Example 2: Smarter println debugging

During my course in operating systems, we had to implement swapping in and out pages from physical memory to disk. One problem that occurred was concurrency and the way my partner and I had to handle multiple processes either trying to access a specific page that may or may not already been swapped out to disk. With a single process, the idea was simple. If there was no more memory in physical memory, take that page and put it to disk allowing a new page in physical memory to be allocated. If a page wanted to be accessed and was on disk, then we would have to swap out a page on disk, and swap in the one trying to be accessed. However, a huge problem rose as multiple processes were trying to swap in and out when memory got full. The test suite had multiple forks and concurrent operations that made our implementation buggy. Concurrency made the whole process a nightmare to debug.

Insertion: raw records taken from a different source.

(* Let $S=\langle T,\Pi,C\rangle$ be a state space and let $(A_i,\psi_i)$, $1\le i\le k$, be abstractions of $S$ forming an additive abstraction system. Let $t,g\in T$ and let $\pi$ be a path from $t$ to $g$ in $S$ with $C(\pi)=\sum_{i=1}^k C^*_i(t_i,g_i)$. Then $R_i(\pi_i)\ge R^*_i(t_i,g_i)$ for all $i\in\{1,\dots,k\}$.
   Context: A state space is a weighted directed graph $S=\langle T,\Pi,C\rangle$ where $T$ is a finite set of states, $\Pi\subseteq T\times T$ is a set of directed edges, and $C:\Pi\to\mathbb{N}=\{0,1,2,\dots\}$. A path from $u$ to $v$ is a sequence of edges $\langle\pi^1,\dots,\pi^n\rangle$ with $\pi^j=(u^{j-1},u^j)\in\Pi$, $u^0=u$, $u^n=v$; its cost is $C(\pi)=\sum_j C(\pi^j)$. An abstract state space is $A_i=\langle T_i,\Pi_i,C_i,R_i\rangle$ with $T_i$ a set of abstract states, $\Pi_i\subseteq T_i\times T_i$, and edge weights $C_i,R_i:\Pi_i\to\mathbb{N}$ (primary and residual cost), extended additively to paths. An abstraction of $S$ is a pair $(A_i,\psi_i)$ with $\psi_i:T\to T_i$ such that (1) for every $(u,v)\in\Pi$, $(\psi_i(u),\psi_i(v))\in\Pi_i$, and (2) for every $\pi=(u,v)\in\Pi$, $C_i(\pi_i)+R_i(\pi_i)\le C(\pi)$ where $\pi_i=(\psi_i(u),\psi_i(v))$. The system is additive if for every $\pi\in\Pi$, $\sum_{i=1}^k C_i(\pi_i)\le C(\pi)$. Write $t_i=\psi_i(t)$, and for a path $\pi=\langle\pi^1,\dots,\pi^n\rangle$ in $S$ let $\pi_i=\langle\pi^1_i,\dots,\pi^n_i\rangle$ be its edgewise image, a path in $A_i$. Define $C^*_i(x,y)=\min\{C_i(\rho):\rho\text{ a path from }x\text{ to }y\text{ in }A_i\}$; $P_i(x,y)$ is the set of paths $\rho$ from $x$ to $y$ in $A_i$ with $C_i(\rho)=C^*_i(x,y)$, and $R^*_i(x,y)=\min_{\rho\in P_i(x,y)}R_i(\rho)$. *)

From mathcomp Require Import all_boot.
From Stdlib Require Import ClassicalEpsilon.
Set Implicit Arguments. Unset Strict Implicit. Unset Printing Implicit Defensive.

(* A path starting at u is represented by the list p of states it visits after u:
   the edges are (u,p_1), (p_1,p_2), ...; it ends at [last u p].
   The empty list is the empty path from u to u. *)
Fixpoint is_path (V : Type) (E : V -> V -> Prop) (u : V) (p : seq V) : Prop :=
  match p with
  | [::] => True
  | v :: p' => E u v /\ is_path E v p'
  end.

Fixpoint pcost (V : Type) (w : V -> V -> nat) (u : V) (p : seq V) : nat :=
  match p with
  | [::] => 0
  | v :: p' => w u v + pcost w v p'
  end.

Definition path_from_to (V : Type) (E : V -> V -> Prop) (x y : V) (p : seq V) :=
  is_path E x p /\ last x p = y.

Definition is_min_over (V : Type) (E : V -> V -> Prop) (x y : V)
    (Q : seq V -> Prop) (f : seq V -> nat) (m : nat) : Prop :=
  (exists p, path_from_to E x y p /\ Q p /\ f p = m) /\
  (forall p, path_from_to E x y p -> Q p -> m <= f p).

Definition Cstar (V : Type) (E : V -> V -> Prop) (c : V -> V -> nat) (x y : V) : nat :=
  epsilon (inhabits 0%N) (is_min_over E x y (fun _ => True) (pcost c x)).

Definition Rstar (V : Type) (E : V -> V -> Prop) (c r : V -> V -> nat) (x y : V) : nat :=
  epsilon (inhabits 0%N)
    (is_min_over E x y (fun p => pcost c x p = Cstar E c x y) (pcost r x)).

From Stdlib Require Import ClassicalEpsilon Classical Wf_nat.
From mathcomp Require Import all_boot.

Set Implicit Arguments.
Unset Strict Implicit.
Unset Printing Implicit Defensive.

(* Each image pi_i is a path from t_i to g_i, so C_i(pi_i) >= C*_i(t_i, g_i).
   Additivity gives sum_i C_i(pi_i) <= C(pi) = sum_i C*_i(t_i, g_i), so all
   these inequalities are equalities: pi_i lies in P_i(t_i, g_i), and its
   residual cost is therefore at least the minimum R*_i(t_i, g_i). *)

Lemma exists_least_nat (P : nat -> Prop) :
  (exists n, P n) -> exists2 m, P m & forall n, P n -> m <= n.
Proof.
move=> exP.
have [m [[Pm m_least] _]] :=
  dec_inh_nat_subset_has_unique_least_element P (fun n => classic (P n)) exP.
by exists m => // n /m_least/leP.
Qed.

Section MinimalPaths.

Variables (V : Type) (E : V -> V -> Prop) (x y : V).

Lemma is_min_over_epsilon (Q : seq V -> Prop) (f : seq V -> nat) (p : seq V) :
  path_from_to E x y p -> Q p ->
  is_min_over E x y Q f (epsilon (inhabits 0) (is_min_over E x y Q f)).
Proof.
move=> pxy Qp; apply: epsilon_spec.
have [m [q [qxy [Qq <-]]] m_least] :=
  @exists_least_nat (fun m => exists q, path_from_to E x y q /\ Q q /\ f q = m)
    (ex_intro _ _ (ex_intro _ p (conj pxy (conj Qp erefl)))).
by exists (f q); split=> [|q' q'xy Qq']; [exists q | apply: m_least; exists q'].
Qed.

Lemma epsilon_min_le (Q : seq V -> Prop) (f : seq V -> nat) (p : seq V) :
  path_from_to E x y p -> Q p ->
  epsilon (inhabits 0) (is_min_over E x y Q f) <= f p.
Proof. by move=> pxy Qp; have [_] := is_min_over_epsilon f pxy Qp; apply. Qed.

Lemma Cstar_le (c : V -> V -> nat) (p : seq V) :
  path_from_to E x y p -> Cstar E c x y <= pcost c x p.
Proof. by move=> pxy; apply: epsilon_min_le. Qed.

Lemma Rstar_le (c r : V -> V -> nat) (p : seq V) :
  path_from_to E x y p -> pcost c x p = Cstar E c x y ->
  Rstar E c r x y <= pcost r x p.
Proof. exact: epsilon_min_le. Qed.

End MinimalPaths.

Lemma is_path_map (T V : Type) (E : T -> T -> Prop) (F : V -> V -> Prop)
    (h : T -> V) (u : T) (p : seq T) :
  (forall u v, E u v -> F (h u) (h v)) ->
  is_path E u p -> is_path F (h u) (map h p).
Proof. by move=> hEF; elim: p u => [|v p IHp] u //= [/hEF Fuv /IHp]. Qed.

Lemma path_from_to_map (T V : Type) (E : T -> T -> Prop) (F : V -> V -> Prop)
    (h : T -> V) (x y : T) (p : seq T) :
  (forall u v, E u v -> F (h u) (h v)) ->
  path_from_to E x y p -> path_from_to F (h x) (h y) (map h p).
Proof.
by move=> hEF [pxy <-]; split; [exact: is_path_map pxy | rewrite last_map].
Qed.

Lemma sum_pcost_map_le (T : Type) (E : T -> T -> Prop) (c : T -> T -> nat)
    (k : nat) (Ti : 'I_k -> Type) (ci : forall i, Ti i -> Ti i -> nat)
    (psi : forall i, T -> Ti i) (u : T) (p : seq T) :
  (forall u v, E u v -> \sum_(i < k) ci i (psi i u) (psi i v) <= c u v) ->
  is_path E u p ->
  \sum_(i < k) pcost (ci i) (psi i u) (map (psi i) p) <= pcost c u p.
Proof.
move=> cadd; elim: p u => [|v p IHp] u /=; first by rewrite big1.
by case=> Euv /IHp; rewrite big_split /=; apply: leq_add; apply: cadd.
Qed.

Lemma leq_sum_eq (I : finType) (a b : I -> nat) (i : I) :
  (forall j, a j <= b j) -> \sum_j b j <= \sum_j a j -> a i = b i.
Proof.
move=> le_ab le_sum.
have sum_ab : \sum_j a j == \sum_j b j by rewrite eqn_leq le_sum leq_sum.
have [_] := leqif_sum (P := predT) (fun j _ => leqif_eq (le_ab j)).
by rewrite sum_ab => /esym/forall_inP/(_ i isT)/eqP.
Qed.

Theorem lemma8
  (T : finType) (Pi : T -> T -> Prop) (C : T -> T -> nat)
  (k : nat) (Ti : 'I_k -> Type)
  (Pii : forall i, Ti i -> Ti i -> Prop)
  (Ci Ri : forall i, Ti i -> Ti i -> nat)
  (psi : forall i, T -> Ti i)
  (Habs1 : forall i u v, Pi u v -> Pii i (psi i u) (psi i v))
  (Habs2 : forall i u v, Pi u v ->
     Ci i (psi i u) (psi i v) + Ri i (psi i u) (psi i v) <= C u v)
  (Hadd : forall u v, Pi u v -> \sum_(i < k) Ci i (psi i u) (psi i v) <= C u v)
  (t g : T) (p : seq T)
  (Hp : path_from_to Pi t g p)
  (Hcost : pcost C t p = \sum_(i < k) Cstar (Pii i) (Ci i) (psi i t) (psi i g)) :
  forall i : 'I_k,
    Rstar (Pii i) (Ci i) (Ri i) (psi i t) (psi i g)
      <= pcost (Ri i) (psi i t) (map (psi i) p).
Proof.
move=> i.
have p_abs j : path_from_to (Pii j) (psi j t) (psi j g) (map (psi j) p).
  exact: path_from_to_map (Habs1 j) Hp.
apply: Rstar_le; first exact: p_abs.
pose Cmin j := Cstar (Pii j) (Ci j) (psi j t) (psi j g).
pose Cabs j := pcost (Ci j) (psi j t) (map (psi j) p).
apply/esym/(@leq_sum_eq _ Cmin Cabs) => [j|]; first exact: Cstar_le.
by rewrite -Hcost; apply: sum_pcost_map_le Hadd _; case: Hp.
Qed.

At first, my partner and I tried to debug via gdb. We would get to a point where the program would swap in correctly and then the operating system would switch to user mode and call fork, our program would then enter a state where it would panic and error out.We began to look at kalloc, the function where a new page would be allocated or swapped out to disk when physical memory was full. However, after looking through our code over several times, we could not find the problem and gdb would reach a dead end. We then resorted to printfs to figure out what was happening. We filled our own code base with printfs where we would swap out or swap in or enter a function. This helped us know the sequence of which all the functions were called and tried to find patterns or unexpected behavior. We eventually figured out that our program was swapping in and out the same page which was fixed by implementing a least recently used page instead of the first available one. However, as we fixed our bug. Our code base had more printlns than actual code. We basically had to grep all the printlns, one by one and delete them. Our test suite output was still flooded with printlns and sometimes tracking or remembering where the println came from became a nightmare. Both gdb and printlns helped us solve our problem and were useful ways of debugging, but when it came to concurrency, gdb fell short since we didn't know all the features. Also printlns became a nightmare when trying to clean up our code and push our code to git.

After searching and looking online for general concurrency debuggers. I found that gdb has a watch command that looks at and addresses and notifies the us when it something changes at that address. Another useful command I found was backtrace where after a program crashes, gdb can tell you the order of functions that lead up to the crash. People also recommended adding asserts to ensure there wasn't overflow with variable or to ensure expected range values for variables. There was also another mention about logging to figure out where the program may have went wrong. I think the tool that comes closest to solving our problem was the logging which was basically what the printfs were. They helped us understand which locks were where, which functions were being called and what was changing. Logging is basically a timeline of what executed and that was exactly what we needed to solve our problem.

One tool that I think would be useful after my experience with concurrency is a debugging tool that enable and disabled printlns or lines of code specifically for debugging. For instance, when the debugging mode is on, we could add printlns to the code and it would appear red in whatever text editor. When the debugging mode is off, the printlns go away and the code is in a state where it can be pushed. This would be useful for my specific experience with concurrency since it would allow me to continue debugging and not worrying about ruining the already implemented code. When a printf or assert or any debugging purposed line of code is written, it can be marked as a debug line to be used in execution when debugging mode is on. One problem with this would be working with various text editors or ides to make it compatible. Also a problem would be how to specifically mark a line of code since we can't just mark the line number. Such a tool probably has been implemented but in the form of logging. However, I think having on the spot on and off debugging would be a pretty cool feature to implement.